Explanation: Keep only rows with numeric data and convert all columns to numeric type.
hdi_clean <- hdi_clean %>% drop_na()
head(hdi_clean)
## # A tibble: 6 × 5
## Country Life_Expectancy Expected_Schooling Mean_Schooling GNI_per_Capita
## <chr> <dbl> <dbl> <dbl> <dbl>
## 1 Iceland 82.7 18.9 13.9 69117.
## 2 Norway 83.3 18.8 13.1 112710.
## 3 Switzerland 84.0 16.7 13.9 81949.
## 4 Denmark 81.9 18.7 13.0 76008.
## 5 Germany 81.4 17.3 14.3 64053.
## 6 Sweden 83.3 19.0 12.7 66102.
Explanation: Remove any rows with missing values in any column, then view the cleaned data.
means <- hdi_clean %>% summarise(
Mean_Life_Expectancy = mean(Life_Expectancy, na.rm = TRUE),
Mean_Expected_Schooling = mean(Expected_Schooling, na.rm = TRUE),
Mean_Mean_Schooling = mean(Mean_Schooling, na.rm = TRUE),
Mean_GNI_per_Capita = mean(GNI_per_Capita, na.rm = TRUE))
means
## # A tibble: 1 × 4
## Mean_Life_Expectancy Mean_Expected_Schooling Mean_Mean_Schooling
## <dbl> <dbl> <dbl>
## 1 73.1 13.5 9.11
## # ℹ 1 more variable: Mean_GNI_per_Capita <dbl>
Explanation: Calculate the mean of each of the four variables across all countries.
write.csv(hdi_clean, "hdi_cleaned.csv", row.names = FALSE)

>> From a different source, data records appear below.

(* Let $P=\{x\in\mathbb R^n : Ax=b,\ Bx\le d\}$ with $A\in\mathbb R^{m_A\times n}$, $B\in\mathbb R^{m_B\times n}$ be a pointed polyhedron and let $x_0\in P$. Let $C_{A,B,x_0}$ be the face obtained by intersecting the cone $$C_{A,B}=\{(x,y^+,y^-)\in\mathbb R^{n+2m_B} : Ax=0,\ Bx=y^+-y^-,\ y^+,y^-\ge 0\}$$ with the hyperplanes $y^+_i=0$ for each $i\le m_B$ such that $(Bx_0)_i=d_i$. Then at most $m_B$ extreme rays of $C_{A,B,x_0}$ satisfy $y^+-y^-=0$, and the remaining extreme rays of $C_{A,B,x_0}$ give exactly the circuit directions of $P$ that are strictly feasible at $x_0$: they are the rays spanned by $(g,y^+,y^-)$ with $y^+_i=\max\{(Bg)_i,0\}$, $y^-_i=\max\{-(Bg)_i,0\}$, where $g$ ranges over the circuits $g\in\mathcal C(A,B)$ that are strictly feasible at $x_0$. Furthermore, each feasible direction $u$ at $x_0$ in $P$ has a representative $(u,y^+,y^-)$ in $C_{A,B,x_0}$.
   Context: $P$ is pointed means $\operatorname{rank}\binom{A}{B}=n$. The set of circuits $\mathcal C(A,B)$ of $P$ consists of all $g\in\ker(A)\setminus\{0\}$ normalized to coprime integer components for which $Bg$ is support-minimal over $\{Bx : x\in\ker(A)\setminus\{0\}\}$, i.e. no $x\in\ker(A)\setminus\{0\}$ satisfies $\operatorname{supp}(Bx)\subsetneq\operatorname{supp}(Bg)$. A circuit direction is a positive scalar multiple of a circuit. A direction $u$ is (strictly) feasible at $x_0\in P$ if $x_0+\alpha u\in P$ for some $\alpha>0$. *)

From HB Require Import structures.
From mathcomp Require Import all_boot all_order all_algebra.
Set Implicit Arguments. Unset Strict Implicit. Unset Printing Implicit Defensive.
Import Order.TTheory GRing.Theory Num.Theory.
Local Open Scope ring_scope.

Section Defs.
Variable R : realFieldType.

Definition in_poly mA mB n (A : 'M[R]_(mA, n)) (b : 'cV[R]_mA)
  (B : 'M[R]_(mB, n)) (d : 'cV[R]_mB) (x : 'cV[R]_n) : Prop :=
  A *m x = b /\ forall i, (B *m x) i 0 <= d i 0.

Definition pointed mA mB n (A : 'M[R]_(mA, n)) (B : 'M[R]_(mB, n)) : Prop :=
  \rank (col_mx A B) = n.

Definition feasible_dir mA mB n (A : 'M[R]_(mA, n)) (b : 'cV[R]_mA)
  (B : 'M[R]_(mB, n)) (d : 'cV[R]_mB) (x0 u : 'cV[R]_n) : Prop :=
  exists alpha : R, 0 < alpha /\ in_poly A b B d (x0 + alpha *: u).

Definition supp m (v : 'cV[R]_m) : {set 'I_m} := [set i | v i 0 != 0].

(* g is a circuit of P, up to positive scaling:
   g in ker A, g <> 0, and B g is support-minimal among {B x | x in ker A \ 0}. *)
Definition circuit mA mB n (A : 'M[R]_(mA, n)) (B : 'M[R]_(mB, n))
  (g : 'cV[R]_n) : Prop :=
  A *m g = 0 /\ g != 0 /\
  ~ (exists x : 'cV[R]_n, [/\ A *m x = 0, x != 0 &
        supp (B *m x) \proper supp (B *m g)]).

Definition zx n mB (z : 'cV[R]_(n + mB + mB)) : 'cV[R]_n := usubmx (usubmx z).
Definition zyp n mB (z : 'cV[R]_(n + mB + mB)) : 'cV[R]_mB := dsubmx (usubmx z).
Definition zym n mB (z : 'cV[R]_(n + mB + mB)) : 'cV[R]_mB := dsubmx z.
Definition triple n mB (x : 'cV[R]_n) (yp ym : 'cV[R]_mB) : 'cV[R]_(n + mB + mB) :=
  col_mx (col_mx x yp) ym.

Definition in_cone mA mB n (A : 'M[R]_(mA, n)) (B : 'M[R]_(mB, n))
  (z : 'cV[R]_(n + mB + mB)) : Prop :=
  [/\ A *m zx z = 0, B *m zx z = zyp z - zym z,
      forall i, 0 <= zyp z i 0 & forall i, 0 <= zym z i 0].

Definition in_face mA mB n (A : 'M[R]_(mA, n)) (B : 'M[R]_(mB, n))
  (d : 'cV[R]_mB) (x0 : 'cV[R]_n) (z : 'cV[R]_(n + mB + mB)) : Prop :=
  in_cone A B z /\ forall i, (B *m x0) i 0 = d i 0 -> zyp z i 0 = 0.

Definition extreme_ray N (K : 'cV[R]_N -> Prop) (r : 'cV[R]_N) : Prop :=
  [/\ K r, r != 0 &
      forall u v, K u -> K v -> r = u + v ->
        exists2 lu : R, 0 <= lu & exists2 lv : R, 0 <= lv & u = lu *: r /\ v = lv *: r].

Definition same_ray N (r s : 'cV[R]_N) : Prop :=
  exists2 l : R, 0 < l & r = l *: s.

Definition pospart m (v : 'cV[R]_m) : 'cV[R]_m := \col_i Num.max (v i 0) 0.
Definition negpart m (v : 'cV[R]_m) : 'cV[R]_m := \col_i Num.max (- v i 0) 0.

End Defs.

From HB Require Import structures.
From mathcomp Require Import all_boot all_order all_algebra.
From mathcomp Require Import ring lra.
Import Order.TTheory GRing.Theory Num.Theory.
Local Open Scope ring_scope.

(* If an extreme ray of the face has
   a coordinate [j] with [y+_j, y-_j > 0], splitting off a multiple of the ray
   [(0, e_j, e_j)] shows that it is that ray; these are the rays with [y+ = y-]
   (pointedness forces [x = 0]).  Otherwise [y+] and [y-] have disjoint supports
   and the ray is the lift [(x, max(Bx,0), max(-Bx,0))] of [x], which lies in the
   face exactly when [x] is a feasible direction at [x0].  A lift is extreme
   exactly when [Bx] is support-minimal: a kernel vector [y] with
   [supp(By) ⊊ supp(Bx)] lets [x ± εy] keep the sign pattern of [Bx], so the lift
   of [x] is the midpoint of two lifts in the face; conversely, every summand of
   the lift of a circuit [g] has an [x]-part [x'] with [supp(Bx') ⊆ supp(Bg)],
   and minimality of [g] makes [x'] a multiple of [g]. *)

Section PositivePart.
Context {R : realFieldType}.
Implicit Types a b c t : R.

Lemma max0_ge0 a : 0 <= Num.max a 0.
Proof. by rewrite le_max lexx orbT. Qed.

Lemma max0_eq0 a : (Num.max a 0 == 0) = (a <= 0).
Proof. by have [_|/gt_eqF] := leP a 0; rewrite ?eqxx. Qed.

Explanation: Save the cleaned dataset as CSV file.
ggplot(hdi_clean, aes(x = Life_Expectancy)) + geom_histogram(bins = 20, fill = "steelblue", color = "black") +
labs(title = "Distribution of Life Expectancy at Birth", x = "Years", y = "Number of Countries") + theme_minimal()
Explanation: Create histogram showing distribution of life expectancy across countries.
ggplot(hdi_clean, aes(x = GNI_per_Capita, y = Life_Expectancy)) + geom_point(color = "darkred", size = 3) +
labs(title = "Life Expectancy vs GNI per Capita", x = "GNI per Capita (2021 PPP $)", y = "Life Expectancy (years)") + theme_minimal()
Explanation: Create scatter plot showing relationship between GNI and life expectancy.
ggplot(hdi_clean, aes(x = Expected_Schooling, y = Mean_Schooling)) + geom_point(color = "darkgreen", size = 3) +
labs(title = "Expected Years of Schooling vs Mean Years of Schooling", x = "Expected Years", y = "Mean Years") + theme_minimal()
Explanation: Create scatter plot comparing expected and actual years of schooling.